* TASK TO CARRY OUT
Here are some entries; quote each one exactly.

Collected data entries
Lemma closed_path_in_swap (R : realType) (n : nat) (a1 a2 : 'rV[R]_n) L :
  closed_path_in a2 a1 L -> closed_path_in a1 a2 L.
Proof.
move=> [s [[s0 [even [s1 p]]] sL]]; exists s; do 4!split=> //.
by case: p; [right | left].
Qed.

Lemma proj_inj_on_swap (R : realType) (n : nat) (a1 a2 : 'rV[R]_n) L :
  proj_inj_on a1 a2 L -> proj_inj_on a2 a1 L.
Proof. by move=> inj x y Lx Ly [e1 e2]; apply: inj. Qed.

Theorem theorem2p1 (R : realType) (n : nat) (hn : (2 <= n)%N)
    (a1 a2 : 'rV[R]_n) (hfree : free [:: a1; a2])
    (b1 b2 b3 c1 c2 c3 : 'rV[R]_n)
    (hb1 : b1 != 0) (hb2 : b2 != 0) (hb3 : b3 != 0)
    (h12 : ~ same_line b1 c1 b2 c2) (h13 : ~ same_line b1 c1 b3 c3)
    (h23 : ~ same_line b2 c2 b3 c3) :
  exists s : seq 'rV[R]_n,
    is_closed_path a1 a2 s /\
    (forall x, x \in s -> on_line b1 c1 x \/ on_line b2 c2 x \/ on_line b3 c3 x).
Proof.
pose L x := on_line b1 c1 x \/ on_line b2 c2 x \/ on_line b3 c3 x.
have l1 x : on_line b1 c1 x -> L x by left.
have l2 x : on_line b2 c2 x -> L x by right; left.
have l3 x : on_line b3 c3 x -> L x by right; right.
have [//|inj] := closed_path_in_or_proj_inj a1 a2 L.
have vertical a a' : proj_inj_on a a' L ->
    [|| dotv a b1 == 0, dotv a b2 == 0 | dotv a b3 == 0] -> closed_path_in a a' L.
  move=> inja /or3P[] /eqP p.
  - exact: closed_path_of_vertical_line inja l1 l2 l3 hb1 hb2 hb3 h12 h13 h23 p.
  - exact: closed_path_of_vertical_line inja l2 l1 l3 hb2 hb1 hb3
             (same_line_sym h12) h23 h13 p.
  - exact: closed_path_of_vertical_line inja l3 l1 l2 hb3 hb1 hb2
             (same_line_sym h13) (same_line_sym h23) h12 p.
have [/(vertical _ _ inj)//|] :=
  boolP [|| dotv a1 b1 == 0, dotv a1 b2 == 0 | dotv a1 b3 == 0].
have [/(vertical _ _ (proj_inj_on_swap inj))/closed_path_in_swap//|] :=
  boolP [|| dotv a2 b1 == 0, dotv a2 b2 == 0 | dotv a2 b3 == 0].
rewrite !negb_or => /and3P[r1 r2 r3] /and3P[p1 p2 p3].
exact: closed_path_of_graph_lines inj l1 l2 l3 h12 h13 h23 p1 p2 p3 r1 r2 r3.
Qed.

* ANSWER TO THE PROBLEM
Lemma closed_path_in_swap (R : realType) (n : nat) (a1 a2 : 'rV[R]_n) L :
  closed_path_in a2 a1 L -> closed_path_in a1 a2 L.
Proof.
move=> [s [[s0 [even [s1 p]]] sL]]; exists s; do 4!split=> //.
by case: p; [right | left].
Qed.

Lemma proj_inj_on_swap (R : realType) (n : nat) (a1 a2 : 'rV[R]_n) L :
  proj_inj_on a1 a2 L -> proj_inj_on a2 a1 L.
Proof. by move=> inj x y Lx Ly [e1 e2]; apply: inj. Qed.

Theorem theorem2p1 (R : realType) (n : nat) (hn : (2 <= n)%N)
    (a1 a2 : 'rV[R]_n) (hfree : free [:: a1; a2])
    (b1 b2 b3 c1 c2 c3 : 'rV[R]_n)
    (hb1 : b1 != 0) (hb2 : b2 != 0) (hb3 : b3 != 0)
    (h12 : ~ same_line b1 c1 b2 c2) (h13 : ~ same_line b1 c1 b3 c3)
    (h23 : ~ same_line b2 c2 b3 c3) :
  exists s : seq 'rV[R]_n,
    is_closed_path a1 a2 s /\
    (forall x, x \in s -> on_line b1 c1 x \/ on_line b2 c2 x \/ on_line b3 c3 x).
Proof.
pose L x := on_line b1 c1 x \/ on_line b2 c2 x \/ on_line b3 c3 x.
have l1 x : on_line b1 c1 x -> L x by left.
have l2 x : on_line b2 c2 x -> L x by right; left.
have l3 x : on_line b3 c3 x -> L x by right; right.
have [//|inj] := closed_path_in_or_proj_inj a1 a2 L.
have vertical a a' : proj_inj_on a a' L ->
    [|| dotv a b1 == 0, dotv a b2 == 0 | dotv a b3 == 0] -> closed_path_in a a' L.
  move=> inja /or3P[] /eqP p.
  - exact: closed_path_of_vertical_line inja l1 l2 l3 hb1 hb2 hb3 h12 h13 h23 p.
  - exact: closed_path_of_vertical_line inja l2 l1 l3 hb2 hb1 hb3
             (same_line_sym h12) h23 h13 p.
  - exact: closed_path_of_vertical_line inja l3 l1 l2 hb3 hb1 hb2
             (same_line_sym h13) (same_line_sym h23) h12 p.
have [/(vertical _ _ inj)//|] :=
  boolP [|| dotv a1 b1 == 0, dotv a1 b2 == 0 | dotv a1 b3 == 0].
have [/(vertical _ _ (proj_inj_on_swap inj))/closed_path_in_swap//|] :=
  boolP [|| dotv a2 b1 == 0, dotv a2 b2 == 0 | dotv a2 b3 == 0].
rewrite !negb_or => /and3P[r1 r2 r3] /and3P[p1 p2 p3].
exact: closed_path_of_graph_lines inj l1 l2 l3 h12 h13 h23 p1 p2 p3 r1 r2 r3.
Qed.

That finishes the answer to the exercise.